Topic link: HDU3506 Monkey Party
Question: Similar to merging stones in a circle, the cost of merging two piles of stones is the sum of the number of the two piles of stones. Ask the minimum cost of merging all stones;
Analysis: dp[i][j] represents the minimum cost of the interval [i,j], p[i][j] represents the number of stones in the interval [i,j], adding quadrilateral inequality optimization, s[i][ j] represents the best breakpoint in the interval [i,j];
[Optimization of Quadrilateral Inequality]

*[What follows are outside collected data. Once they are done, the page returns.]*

(* Jordan's inequality, from the degree-2 Taylor bound for cos near pi/2 and the
   degree-3 bound for sin near 0. *)
Lemma jordan x : 0 <= x <= PI / 2 -> 2 * x <= PI * sin x.
Proof.
  intros Hx. pose proof PI_3_4 as HPI.
  set (y := PI / 2 - x).
  destruct (Rle_or_lt (y * PI) 4) as [Hy|Hy].
  - assert (Hcos : 1 - y * y / 2 <= cos y).
    { pose proof (proj1 (cos_bound y 0 ltac:(unfold y; lra) ltac:(unfold y; lra))) as H.
      unfold cos_approx, cos_term in H. simpl in H. lra. }
    assert (E : sin x = cos y) by (unfold y; rewrite cos_shift; reflexivity).
    rewrite E. assert (0 <= y) by (unfold y; lra). assert (2 * x = PI - 2 * y) by (unfold y; lra). nra.
  - assert (Hsin : x - x * x * x / 6 <= sin x).
    { pose proof (proj1 (sin_bound x 0 ltac:(lra) ltac:(lra))) as H.
      unfold sin_approx, sin_term in H. simpl in H. lra. }
    assert (x * PI < 4) by (unfold y in Hy; nra).
    assert (x < 4 / 3) by nra.
    assert (PI * (x * x) <= 6 * (PI - 2)) by nra.
    nra.
Qed.

Lemma Cmod_expi_sub a b : Cmod (Csub (Cexpi a) (Cexpi b)) = 2 * Rabs (sin ((a - b) / 2)).
Proof.
  unfold Cmod, Csub, Cadd, Copp, Cexpi; simpl.
  replace (2 * Rabs (sin ((a - b) / 2))) with (Rabs (2 * sin ((a - b) / 2)))
    by (rewrite Rabs_mult, Rabs_right by lra; reflexivity).
  rewrite <- sqrt_Rsqr_abs. f_equal.
  pose proof (sin2_cos2 a). pose proof (sin2_cos2 b). pose proof (cos_minus a b) as Hab.
  replace (a - b) with (2 * ((a - b) / 2)) in Hab by field.
  rewrite cos_2a_sin in Hab. unfold Rsqr in *. nra.
Qed.

Lemma chord_lower_bound a b : Rabs (a - b) <= PI ->
  2 * Rabs (a - b) / PI <= Cmod (Csub (Cexpi a) (Cexpi b)).
Proof.
  intros Hab. pose proof PI_3_4 as HPI. rewrite Cmod_expi_sub.
  set (u := (a - b) / 2).
  assert (Hu : Rabs (a - b) = 2 * Rabs u)
    by (unfold u, Rabs; repeat destruct Rcase_abs; lra).
  assert (Hsin : Rabs (sin u) = sin (Rabs u)).
  { destruct (Rle_or_lt 0 u) as [Hu0|Hu0].
    - rewrite (Rabs_right u) in Hu |- * by lra.
      apply Rabs_right, Rle_ge, sin_ge_0; lra.
    - rewrite (Rabs_left u) in Hu |- * by lra. rewrite sin_neg.
      apply Rabs_left1. pose proof (sin_ge_0 (- u) ltac:(lra) ltac:(lra)) as Hs.
      rewrite sin_neg in Hs. lra. }
  rewrite Hsin, Hu. pose proof (jordan (Rabs u) ltac:(split; [apply Rabs_pos|lra])) as Hj.
  apply (Rmult_le_reg_r PI); [lra|]. unfold Rdiv. rewrite Rmult_assoc, Rinv_l by lra. nra.
Qed.

Lemma Rprod_dist_below j : Rprod (map (fun l => Rabs (INR j - INR l)) (seq 0 j)) = INR (fact j).
Proof.
  induction j as [|j IH]; [reflexivity|].
  change (seq 0 (S j)) with (0%nat :: seq 1 j).
  rewrite <- seq_shift, map_cons, map_map.
  rewrite (map_ext _ (fun l => Rabs (INR j - INR l))) by (intros; rewrite !S_INR; f_equal; ring).
  transitivity (Rabs (INR (S j) - INR 0) * Rprod (map (fun l => Rabs (INR j - INR l)) (seq 0 j)));
    [reflexivity|].
  rewrite IH, Rminus_0_r, Rabs_right by apply Rle_ge, pos_INR.
  change (fact (S j)) with (S j * fact j)%nat. apply eq_sym, mult_INR.
Qed.

Lemma Rprod_dist_above j m :
  Rprod (map (fun l => Rabs (INR j - INR l)) (seq (S j) m)) = INR (fact m).
Proof.
  induction m as [|m IH]; [reflexivity|].
  rewrite seq_S, map_app, Rprod_app, IH. cbn [map]. unfold Rprod at 1. cbn [fold_right].
  replace (INR j - INR (S j + m)) with (- INR (S m)) by (rewrite !S_INR, plus_INR, S_INR; ring).
  rewrite Rmult_1_r, Rabs_Ropp, Rabs_right by apply Rle_ge, pos_INR.
  change (fact (S m)) with (S m * fact m)%nat. rewrite mult_INR. ring.
Qed.

Lemma Rprod_dist_others j n : (j < n)%nat ->
  Rprod (map (fun l => Rabs (INR j - INR l)) (others j n)) = INR (fact j * fact (n - 1 - j)).
Proof.
  intros Hj. unfold others.
  rewrite map_app, Rprod_app, Rprod_dist_below, Rprod_dist_above, mult_INR.
  do 3 f_equal. lia.
Qed.

Lemma fact_mul_balanced n a : (a <= n)%nat ->
  (fact (n / 2) * fact (n - n / 2) <= fact a * fact (n - a))%nat.
Proof.
  pose proof (Nat.div_mod n 2 ltac:(lia)). pose proof (Nat.mod_upper_bound n 2 ltac:(lia)).
  assert (Hlow : forall m b, (b + m = n / 2)%nat ->
                  (fact (n / 2) * fact (n - n / 2) <= fact b * fact (n - b))%nat).
  { induction m as [|m IH]; intros b Hb.
    - replace b with (n / 2)%nat by lia. lia.
    - eapply Nat.le_trans; [apply (IH (S b)); lia|].
      replace (n - b)%nat with (S (n - S b)) by lia.
      assert (S b <= S (n - S b))%nat by lia. simpl fact. nia. }
  intros Ha. destruct (Nat.le_gt_cases a (n / 2)) as [Hle|Hgt].
  - apply (Hlow (n / 2 - a)%nat). lia.
  - pose proof (Hlow (n / 2 - (n - a))%nat (n - a)%nat ltac:(lia)) as Hsym.
    replace (n - (n - a))%nat with a in Hsym by lia. lia.
Qed.

Lemma zeta_balanced k : (1 <= k)%nat ->
  zeta k = (fact ((k - 1) / 2) * fact (k - 1 - (k - 1) / 2))%nat.
Proof.
  intros Hk. unfold zeta. destruct (Nat.odd k) eqn:Hodd.
  - apply Nat.odd_spec in Hodd as [t Ht].
    replace ((k - 1) / 2)%nat with t by (apply (Nat.div_unique _ _ _ 0); lia).
    do 2 f_equal. lia.
  - assert (Heven : Nat.even k = true) by (rewrite <- Nat.negb_odd, Hodd; reflexivity).
    apply Nat.even_spec in Heven as [t Ht].
    replace ((k - 1) / 2)%nat with (t - 1)%nat by (apply (Nat.div_unique _ _ _ 1); lia).
    replace (k / 2)%nat with t by (apply (Nat.div_unique _ _ _ 0); lia).
    replace ((k - 2) / 2)%nat with (t - 1)%nat by (apply (Nat.div_unique _ _ _ 0); lia).
    replace (k - 1 - (t - 1))%nat with t by lia. lia.
Qed.

Lemma zeta_le_fact k j : (j < k)%nat -> (zeta k <= fact j * fact (k - 1 - j))%nat.
Proof. intros Hj. rewrite zeta_balanced by lia. apply fact_mul_balanced. lia. Qed.

Lemma zeta_pos k : (0 < zeta k)%nat.
Proof.
  unfold zeta. pose proof (lt_O_fact ((k - 1) / 2)). pose proof (lt_O_fact (k / 2)).
  pose proof (lt_O_fact ((k - 2) / 2)). destruct (Nat.odd k); nia.
Qed.

(** * Separated nodes on the right half circle *)

Lemma incr_lt (f : nat -> R) n : (forall i, (i + 1 < n)%nat -> f i < f (i + 1)%nat) ->
  forall i l, (i < l)%nat -> (l < n)%nat -> f i < f l.
Proof.
  intros Hf i l Hil. induction Hil as [|l Hil IH]; intros Hl.
  - rewrite <- Nat.add_1_r. apply Hf. lia.
  - eapply Rlt_trans; [apply IH; lia|]. rewrite <- Nat.add_1_r. apply Hf. lia.
Qed.

Lemma sum_of_gaps_ge (f : nat -> R) m n : (forall i, (i + 1 < n)%nat -> m <= f (i + 1)%nat - f i) ->
  forall i l, (i <= l)%nat -> (l < n)%nat -> INR (l - i) * m <= f l - f i.
Proof.
  intros Hf i l Hil. induction Hil as [|l Hil IH]; intros Hl.
  - rewrite Nat.sub_diag. simpl. lra.
  - replace (S l - i)%nat with (S (l - i)) by lia. rewrite S_INR.
    pose proof (IH ltac:(lia)). pose proof (Hf l ltac:(lia)) as Hgap.
    rewrite Nat.add_1_r in Hgap. lra.
Qed.

Section UnitCircleNodes.

Variable k : nat.
Variable th : nat -> R.
Variable thmin : R.
Hypothesis th_first : - (PI / 2) <= th 0%nat.
Hypothesis th_last : th (k - 1)%nat <= PI / 2.
Hypothesis th_incr : forall i, (i + 1 < k)%nat -> th i < th (i + 1)%nat.
Hypothesis th_min_sep : is_min_sep k th thmin.

Let z (l : nat) : C := Cexpi (th l).

Lemma th_neq i l : (i < k)%nat -> (l < k)%nat -> i <> l -> th i <> th l.
Proof.
  intros Hi Hl Hil. destruct (Nat.lt_ge_cases i l) as [H|H]; [|apply not_eq_sym];
    apply Rlt_not_eq; apply (incr_lt th k th_incr); lia.
Qed.

Lemma thmin_pos : 0 < thmin.
Proof.
  destruct th_min_sep as [(p & j & Hp & Hj & Hpj & ->) _].
  apply Rabs_pos_lt, Rminus_eq_contra, th_neq; assumption.
Qed.

Lemma th_range i : (i < k)%nat -> - (PI / 2) <= th i <= PI / 2.
Proof.
  intros Hi. split.
  - destruct i as [|i]; [lra|]. pose proof (incr_lt th k th_incr 0 (S i) ltac:(lia) Hi). lra.
  - destruct (Nat.eq_dec i (k - 1)) as [->|Hik]; [lra|].
    pose proof (incr_lt th k th_incr i (k - 1) ltac:(lia) ltac:(lia)). lra.
Qed.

When a<b<=c<d, if f[a][c]+f[b][d]<=f[b][c]+f[a][d], f satisfies the quadrilateral Inequality, at this time the best breakpoint s[i][j] satisfies the property:
s[i][j-1]<=s[i][j]<=s[i+1][j]
In this way, the original enumeration interval start point and breakpoint n*n are optimized to n
#include<bits/stdc++.h>
#define INF 0x3f3f3f3f
using namespace std;
const int maxn=2007;
int dp[maxn][maxn],s[maxn][maxn],p[maxn][maxn],a[maxn];
int n,ans;
void rua()
{
for(int i=1;i<=n;i++) scanf("%d",&a[i]),a[i+n]=a[i];
memset(dp,INF,sizeof(dp));
memset(s,0,sizeof(s));
for(int i=1;i<=n+n;i++)
{
dp[i][i]=0;
s[i][i]=i;
p[i][i]=a[i];
}
for(int i=1;i<n;i++)//区间长度
for(int j=1;i+j<2*n;j++)//区间起点
for(int k=s[j][i+j-1];k<=s[j+1][i+j];k++)
{
int tmp=p[j][k]+p[k+1][i+j];
if(dp[j][i+j]>dp[j][k]+dp[k+1][i+j]+tmp)
{
p[j][i+j]=tmp;
dp[j][i+j]=dp[j][k]+dp[k+1][i+j]+tmp;
s[j][i+j]=k;
}
}
ans=INF;
for(int i=1;i<=n+1;i++) ans=min(ans,dp[i][i+n-1]);
printf("%d\n",ans);
}
int main()
{
while(~scanf("%d",&n)) rua();
return 0;
}